**Exercise instructions:** Below are the records; give again exactly the line with "by apply/ffunP => j; rewrite !ffunE to_front_nupd.", the line with "apply: hnd => w.", and each line that lies between them, and nothing besides.

---------- Stored data

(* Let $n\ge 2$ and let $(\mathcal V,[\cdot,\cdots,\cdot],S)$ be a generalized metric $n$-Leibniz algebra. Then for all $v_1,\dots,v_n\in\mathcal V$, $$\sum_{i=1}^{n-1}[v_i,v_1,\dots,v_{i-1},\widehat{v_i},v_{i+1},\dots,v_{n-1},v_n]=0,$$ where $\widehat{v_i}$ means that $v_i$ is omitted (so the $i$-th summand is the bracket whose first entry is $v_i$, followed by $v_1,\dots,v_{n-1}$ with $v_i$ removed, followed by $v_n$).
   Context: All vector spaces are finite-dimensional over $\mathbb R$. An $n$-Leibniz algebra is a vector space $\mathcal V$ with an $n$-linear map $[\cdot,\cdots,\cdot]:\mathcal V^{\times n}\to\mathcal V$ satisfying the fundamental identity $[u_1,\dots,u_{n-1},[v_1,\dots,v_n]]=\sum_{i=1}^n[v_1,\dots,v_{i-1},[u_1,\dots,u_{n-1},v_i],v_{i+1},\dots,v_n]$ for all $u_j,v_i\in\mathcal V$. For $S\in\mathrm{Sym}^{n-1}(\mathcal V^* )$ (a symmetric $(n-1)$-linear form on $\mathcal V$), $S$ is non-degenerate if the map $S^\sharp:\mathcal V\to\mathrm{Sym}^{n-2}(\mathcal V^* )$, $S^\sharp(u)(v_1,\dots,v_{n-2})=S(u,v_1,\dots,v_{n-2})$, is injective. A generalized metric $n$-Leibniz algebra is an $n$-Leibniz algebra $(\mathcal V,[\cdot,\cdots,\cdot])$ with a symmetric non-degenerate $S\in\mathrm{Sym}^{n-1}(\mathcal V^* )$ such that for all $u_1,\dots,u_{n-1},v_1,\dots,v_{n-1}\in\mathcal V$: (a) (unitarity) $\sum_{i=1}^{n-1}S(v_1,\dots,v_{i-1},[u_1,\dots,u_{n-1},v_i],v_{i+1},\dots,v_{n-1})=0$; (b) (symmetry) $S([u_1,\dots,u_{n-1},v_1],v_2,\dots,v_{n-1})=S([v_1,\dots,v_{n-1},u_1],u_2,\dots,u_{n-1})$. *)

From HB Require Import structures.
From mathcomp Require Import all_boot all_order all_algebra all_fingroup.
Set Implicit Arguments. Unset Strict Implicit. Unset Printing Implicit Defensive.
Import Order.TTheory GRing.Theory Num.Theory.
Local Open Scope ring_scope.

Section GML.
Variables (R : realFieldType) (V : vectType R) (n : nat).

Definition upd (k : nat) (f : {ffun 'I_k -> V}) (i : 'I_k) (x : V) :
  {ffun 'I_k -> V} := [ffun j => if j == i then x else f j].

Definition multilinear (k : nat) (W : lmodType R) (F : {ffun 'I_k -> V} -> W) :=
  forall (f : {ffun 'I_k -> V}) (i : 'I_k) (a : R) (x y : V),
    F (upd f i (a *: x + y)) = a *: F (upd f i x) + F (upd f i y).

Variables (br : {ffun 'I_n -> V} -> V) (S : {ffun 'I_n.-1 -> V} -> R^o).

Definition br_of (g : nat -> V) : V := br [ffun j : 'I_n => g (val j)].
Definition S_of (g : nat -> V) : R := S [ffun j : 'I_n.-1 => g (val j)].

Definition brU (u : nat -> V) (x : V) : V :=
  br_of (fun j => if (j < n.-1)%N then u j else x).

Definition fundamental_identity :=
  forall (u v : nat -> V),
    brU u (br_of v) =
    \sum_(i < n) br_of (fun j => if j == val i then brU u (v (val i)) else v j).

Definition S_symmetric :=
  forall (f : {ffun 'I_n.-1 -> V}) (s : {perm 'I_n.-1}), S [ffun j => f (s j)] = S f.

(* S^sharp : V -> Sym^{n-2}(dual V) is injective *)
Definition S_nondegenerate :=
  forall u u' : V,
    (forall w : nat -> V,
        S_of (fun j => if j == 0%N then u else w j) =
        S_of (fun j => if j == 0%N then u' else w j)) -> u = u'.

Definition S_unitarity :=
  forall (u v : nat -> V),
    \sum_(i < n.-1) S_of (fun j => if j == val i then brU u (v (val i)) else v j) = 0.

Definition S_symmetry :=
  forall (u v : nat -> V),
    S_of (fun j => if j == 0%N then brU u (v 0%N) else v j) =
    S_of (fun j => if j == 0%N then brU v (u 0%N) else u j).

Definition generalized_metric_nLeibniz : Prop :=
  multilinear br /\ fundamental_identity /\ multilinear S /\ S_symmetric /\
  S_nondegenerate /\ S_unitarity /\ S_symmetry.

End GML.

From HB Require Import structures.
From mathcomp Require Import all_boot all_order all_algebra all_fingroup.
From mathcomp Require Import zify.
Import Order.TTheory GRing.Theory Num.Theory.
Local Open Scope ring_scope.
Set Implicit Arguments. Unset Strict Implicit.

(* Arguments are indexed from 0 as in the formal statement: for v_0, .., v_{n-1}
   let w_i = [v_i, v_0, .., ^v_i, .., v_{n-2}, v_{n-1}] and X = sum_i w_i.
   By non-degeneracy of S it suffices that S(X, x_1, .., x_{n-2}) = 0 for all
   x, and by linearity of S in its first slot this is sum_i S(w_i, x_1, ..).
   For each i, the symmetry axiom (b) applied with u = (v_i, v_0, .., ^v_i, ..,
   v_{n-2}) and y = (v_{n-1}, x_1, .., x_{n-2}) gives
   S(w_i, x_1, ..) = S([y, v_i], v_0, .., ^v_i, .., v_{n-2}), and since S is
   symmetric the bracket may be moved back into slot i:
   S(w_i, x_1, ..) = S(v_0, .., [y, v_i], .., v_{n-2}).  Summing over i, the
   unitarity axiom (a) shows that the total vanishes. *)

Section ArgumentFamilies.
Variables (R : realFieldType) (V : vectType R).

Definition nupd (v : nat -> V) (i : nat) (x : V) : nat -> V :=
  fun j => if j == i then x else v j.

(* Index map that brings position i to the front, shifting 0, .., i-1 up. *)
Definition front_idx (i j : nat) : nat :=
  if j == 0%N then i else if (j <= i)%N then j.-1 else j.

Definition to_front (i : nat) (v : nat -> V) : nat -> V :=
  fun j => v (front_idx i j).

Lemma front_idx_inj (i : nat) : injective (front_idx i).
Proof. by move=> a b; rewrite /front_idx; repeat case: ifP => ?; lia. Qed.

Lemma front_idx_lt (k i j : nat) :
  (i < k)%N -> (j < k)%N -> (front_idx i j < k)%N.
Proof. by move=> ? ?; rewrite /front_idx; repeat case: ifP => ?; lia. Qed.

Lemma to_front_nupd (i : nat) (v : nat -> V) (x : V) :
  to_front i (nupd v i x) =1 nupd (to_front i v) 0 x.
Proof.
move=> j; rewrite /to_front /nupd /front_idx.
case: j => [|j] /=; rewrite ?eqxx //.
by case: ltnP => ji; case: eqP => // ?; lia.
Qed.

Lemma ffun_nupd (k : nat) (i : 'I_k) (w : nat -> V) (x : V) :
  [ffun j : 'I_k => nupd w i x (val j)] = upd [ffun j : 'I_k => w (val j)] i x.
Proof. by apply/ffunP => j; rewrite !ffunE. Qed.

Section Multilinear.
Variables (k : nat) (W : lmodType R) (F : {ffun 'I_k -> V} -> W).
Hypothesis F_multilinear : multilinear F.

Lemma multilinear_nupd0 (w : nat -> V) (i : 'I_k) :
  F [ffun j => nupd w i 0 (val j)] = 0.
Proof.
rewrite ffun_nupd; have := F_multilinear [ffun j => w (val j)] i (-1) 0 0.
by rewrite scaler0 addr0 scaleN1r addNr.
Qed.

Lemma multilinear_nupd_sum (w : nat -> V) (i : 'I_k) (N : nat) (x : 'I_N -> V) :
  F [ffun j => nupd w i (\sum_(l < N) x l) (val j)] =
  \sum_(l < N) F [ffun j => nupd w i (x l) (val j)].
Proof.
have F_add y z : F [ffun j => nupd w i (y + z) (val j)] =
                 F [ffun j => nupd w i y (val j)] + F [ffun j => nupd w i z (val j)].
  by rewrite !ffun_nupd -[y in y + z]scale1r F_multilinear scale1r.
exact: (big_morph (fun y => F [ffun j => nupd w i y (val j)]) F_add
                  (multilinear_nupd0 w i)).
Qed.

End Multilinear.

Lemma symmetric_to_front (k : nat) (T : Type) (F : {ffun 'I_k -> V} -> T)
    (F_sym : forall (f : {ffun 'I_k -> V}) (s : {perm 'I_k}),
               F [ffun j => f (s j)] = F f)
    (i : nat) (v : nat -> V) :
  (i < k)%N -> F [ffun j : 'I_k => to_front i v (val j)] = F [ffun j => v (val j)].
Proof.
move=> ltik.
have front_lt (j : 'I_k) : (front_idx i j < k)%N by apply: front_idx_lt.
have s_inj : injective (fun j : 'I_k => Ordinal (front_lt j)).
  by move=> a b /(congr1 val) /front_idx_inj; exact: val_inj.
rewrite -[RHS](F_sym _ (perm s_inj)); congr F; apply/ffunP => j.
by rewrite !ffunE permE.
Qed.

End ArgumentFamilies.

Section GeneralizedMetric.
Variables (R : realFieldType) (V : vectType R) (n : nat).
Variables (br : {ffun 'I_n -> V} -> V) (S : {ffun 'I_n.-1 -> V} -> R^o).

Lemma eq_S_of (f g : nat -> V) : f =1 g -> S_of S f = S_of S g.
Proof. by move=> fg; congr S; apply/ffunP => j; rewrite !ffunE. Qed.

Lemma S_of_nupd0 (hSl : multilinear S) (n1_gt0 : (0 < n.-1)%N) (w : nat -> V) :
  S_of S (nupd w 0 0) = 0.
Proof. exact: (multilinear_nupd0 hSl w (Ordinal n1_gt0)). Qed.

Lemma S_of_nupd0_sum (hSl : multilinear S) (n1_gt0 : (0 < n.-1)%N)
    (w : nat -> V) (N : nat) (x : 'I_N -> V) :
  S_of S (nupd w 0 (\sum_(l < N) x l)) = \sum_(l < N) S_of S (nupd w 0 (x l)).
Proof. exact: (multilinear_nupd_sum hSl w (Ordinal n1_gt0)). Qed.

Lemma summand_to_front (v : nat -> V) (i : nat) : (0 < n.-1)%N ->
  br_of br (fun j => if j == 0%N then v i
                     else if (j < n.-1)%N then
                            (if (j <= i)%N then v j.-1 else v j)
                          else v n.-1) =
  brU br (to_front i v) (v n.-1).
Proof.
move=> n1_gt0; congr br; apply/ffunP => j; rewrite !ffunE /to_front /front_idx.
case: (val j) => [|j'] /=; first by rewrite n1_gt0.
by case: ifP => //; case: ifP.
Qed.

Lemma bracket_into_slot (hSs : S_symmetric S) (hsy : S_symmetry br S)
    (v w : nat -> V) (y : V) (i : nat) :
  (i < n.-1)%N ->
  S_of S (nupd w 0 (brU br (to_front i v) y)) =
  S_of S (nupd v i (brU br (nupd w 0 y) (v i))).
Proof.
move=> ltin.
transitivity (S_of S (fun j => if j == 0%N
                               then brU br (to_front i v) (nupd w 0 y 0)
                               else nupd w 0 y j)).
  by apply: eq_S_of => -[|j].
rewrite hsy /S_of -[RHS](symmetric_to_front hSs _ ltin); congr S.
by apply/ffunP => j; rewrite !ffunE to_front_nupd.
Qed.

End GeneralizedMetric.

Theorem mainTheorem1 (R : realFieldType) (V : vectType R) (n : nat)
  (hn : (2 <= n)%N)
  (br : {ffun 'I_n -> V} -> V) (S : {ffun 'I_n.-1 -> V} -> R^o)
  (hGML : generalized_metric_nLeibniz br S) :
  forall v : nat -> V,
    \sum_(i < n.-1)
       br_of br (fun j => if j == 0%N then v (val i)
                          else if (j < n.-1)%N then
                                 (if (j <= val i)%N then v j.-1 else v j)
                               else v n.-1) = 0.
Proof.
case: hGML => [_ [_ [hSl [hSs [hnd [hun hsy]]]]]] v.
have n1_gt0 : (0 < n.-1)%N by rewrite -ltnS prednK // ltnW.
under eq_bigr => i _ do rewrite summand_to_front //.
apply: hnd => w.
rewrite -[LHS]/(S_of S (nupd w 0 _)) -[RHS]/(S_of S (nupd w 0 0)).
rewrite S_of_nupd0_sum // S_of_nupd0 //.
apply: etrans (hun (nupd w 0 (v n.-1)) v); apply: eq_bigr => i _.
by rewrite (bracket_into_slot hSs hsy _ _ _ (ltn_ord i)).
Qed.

--------------------

**Your solution:**
by apply/ffunP => j; rewrite !ffunE to_front_nupd.
Qed.

End GeneralizedMetric.

Theorem mainTheorem1 (R : realFieldType) (V : vectType R) (n : nat)
  (hn : (2 <= n)%N)
  (br : {ffun 'I_n -> V} -> V) (S : {ffun 'I_n.-1 -> V} -> R^o)
  (hGML : generalized_metric_nLeibniz br S) :
  forall v : nat -> V,
    \sum_(i < n.-1)
       br_of br (fun j => if j == 0%N then v (val i)
                          else if (j < n.-1)%N then
                                 (if (j <= val i)%N then v j.-1 else v j)
                               else v n.-1) = 0.
Proof.
case: hGML => [_ [_ [hSl [hSs [hnd [hun hsy]]]]]] v.
have n1_gt0 : (0 < n.-1)%N by rewrite -ltnS prednK // ltnW.
under eq_bigr => i _ do rewrite summand_to_front //.
apply: hnd => w.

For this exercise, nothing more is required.